Дороги и судьбы — страница 92 из 155

4 октября, прилетев в Москву, я позвонила в Переделкино. Подошла Анечка. Потом — он. «Дорогая Наталья Иосифовна!» — «Дорогой Корней Иванович! Как вы?» — «Жив. Письмо Ваше получил». — «Простите за скверный почерк!» — «Нет, ничего. Я больше люблю, когда не на машинке». — «Я к вам приеду, как всегда, в среду. В два часа». — «А-а, — сказал он, — вы поняли?»

Я весело положила трубку. Почему он сказал: «А-а, вы поняли?» А потому, что он давно хотел, чтобы я приезжала к двум, не к пяти, и ждал, когда я это сама пойму. И меня радовало и то, что он этого хотел, и то, что я это поняла. Но главное я все же не поняла: ехать к нему надо было не дожидаясь среды. «Кто смеет молвить „до свиданья“ чрез бездну двух или трех дней?» — говорил любимый Корнеем Ивановичем Тютчев…

Моя переделкинская среда никогда не наступила. В воскресенье 5 октября Корнея Ивановича отвезли в больницу, и в следующий раз я увидела его неузнаваемо исхудавшее, истерзанное болезнью лицо в гробу, в цветах, в зале Центрального Дома литераторов, в набитом до отказа, молчащем зале. Тяжело было видеть это мертвое, такое не похожее на него измученное лицо. Все казалось, что это не он, что это не может быть он… И я глядела на огромную, над гробом висевшую увеличенную фотографию, где он снят во весь рост, в пальто, в любимой своей кепке, с палкой в руках, и лицо серьезное, а в глазах ум, и лукавство, и готовность усмехнуться. Таким я хотела его запомнить. Таким и помню.


Этими словами кончался мой рассказ, опубликованный впервые в журнале «Октябрь» (1976 год), а затем вошедший в книгу «Дороги и судьбы» и в сборники воспоминаний о Чуковском. О том, как хоронили Корнея Ивановича, я рассказать не могла. Не могла, ибо два имени, без которых здесь не обойтись, были под запретом: Л. К. Чуковская и А. И. Солженицын.

В. В. Непомнящий в своих воспоминаниях пишет, что, по мнению Чуковского, «в драматическую историю русской литературы входят и обстоятельства смерти и похорон многих писателей, составляя подчас ее особые и многозначительные страницы».

Со дня кончины Корнея Ивановича прошло двадцать лет. Настало иное время. Оно дает мне возможность добавить к моим о нем воспоминаниям то, о чем я прежде вынуждена была умалчивать.

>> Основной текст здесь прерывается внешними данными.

(* Let $S$ be a nilpotent right loop with central series $\{1\}=\mathcal Z_0\le\mathcal Z_1\le\cdots\le\mathcal Z_n=S$. For $0\le j\le n-1$ let $\theta_j:G_S\to G_{S/\mathcal Z_j}$ be the surjective homomorphism $f^S(y,z)\mapsto f^{S/\mathcal Z_j}(\mathcal Z_j\circ y,\mathcal Z_j\circ z)$ induced by the natural projection. Then $\{1\}=\ker\theta_0\le\ker\theta_1\le\cdots\le\ker\theta_{n-1}=G_S$, and for each $j$ the group $\ker\theta_{j+1}/\ker\theta_j$ is isomorphic to a subgroup of $\prod_{\mathcal B}\mathcal Z_{j+1}/\mathcal Z_j$ for some index set $\mathcal B$.
   Context: A right loop is a set $S$ with binary operation $\circ$ and two-sided identity $1$ such that each equation $X\circ a=b$ has a unique solution. For $y,z\in S$, $f^S(y,z):S\to S$ sends $x$ to the unique $X$ with $X\circ(y\circ z)=(x\circ y)\circ z$; $G_S\le\mathrm{Sym}(S)$ is generated by all $f^S(y,z)$. A congruence is an equivalence relation which is a right subloop of $S\times S$; an invariant right subloop is the class $T$ of $1$ under a congruence, $S/T=\{T\circ x\}$ with $(T\circ x)\circ(T\circ y)=T\circ(x\circ y)$. For congruences $\beta,\gamma$, $\gamma$ centralizes $\beta$ if there is a congruence $(\gamma|\beta)$ on the right loop $\beta\subseteq S\times S$ with: (i) $(x,y)(\gamma|\beta)(u,v)\Rightarrow x\gamma u$; (ii) for $(x,y)\in\beta$, $(u,v)\mapsto u$ is a bijection from the $(\gamma|\beta)$-class of $(x,y)$ to the $\gamma$-class of $x$; (iii) $(x,y)\in\gamma\Rightarrow(x,x)(\gamma|\beta)(y,y)$; (iv) $(x,y)(\gamma|\beta)(u,v)\Rightarrow(y,x)(\gamma|\beta)(v,u)$; (v) $(x,y)(\gamma|\beta)(u,v)$, $(y,z)(\gamma|\beta)(v,w)\Rightarrow(x,z)(\gamma|\beta)(u,w)$. The center $\mathcal Z(S)$ is the class of $1$ under the unique maximal congruence centralized by $S\times S$; it is an abelian group. $S$ is nilpotent if the series $\mathcal Z_0=\{1\}$, $\mathcal Z_1=\mathcal Z(S)$, $\mathcal Z_{i+1}/\mathcal Z_i=\mathcal Z(S/\mathcal Z_i)$ (each $\mathcal Z_i$ an invariant right subloop) reaches $\mathcal Z_n=S$. *)

From Stdlib Require Import Arith ClassicalEpsilon.
Set Implicit Arguments.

Он умер 28 октября 1969 года в Кунцевской больнице. Хоронить его должны были 31-го. Похоронная комиссия заседала 30-го. Вечером накануне этого дня Лидия Корнеевна попросила меня к ней зайти. Внук Корнея Ивановича Дмитрий должен был как представитель семьи принять участие в заседании комиссии. Лидия Корнеевна хотела, чтобы я отправилась на заседание вместе с Митей и передала комиссии желание семьи. Следовало удержать некоторых лиц от произнесения речей над гробом Чуковского. Мне был дан список этих лиц.

И тут я вспомнила, как однажды на Пахре я услышала от Твардовского, вернувшегося с похорон Михаила Светлова, такие слова: «Страшно умирать! Лежишь, а гроб твой обступят те, кто при жизни дохнуть тебе не давал, и они тут главные, они распоряжаются, да еще выступать будут! Умрешь, а они заберут тебя себе!»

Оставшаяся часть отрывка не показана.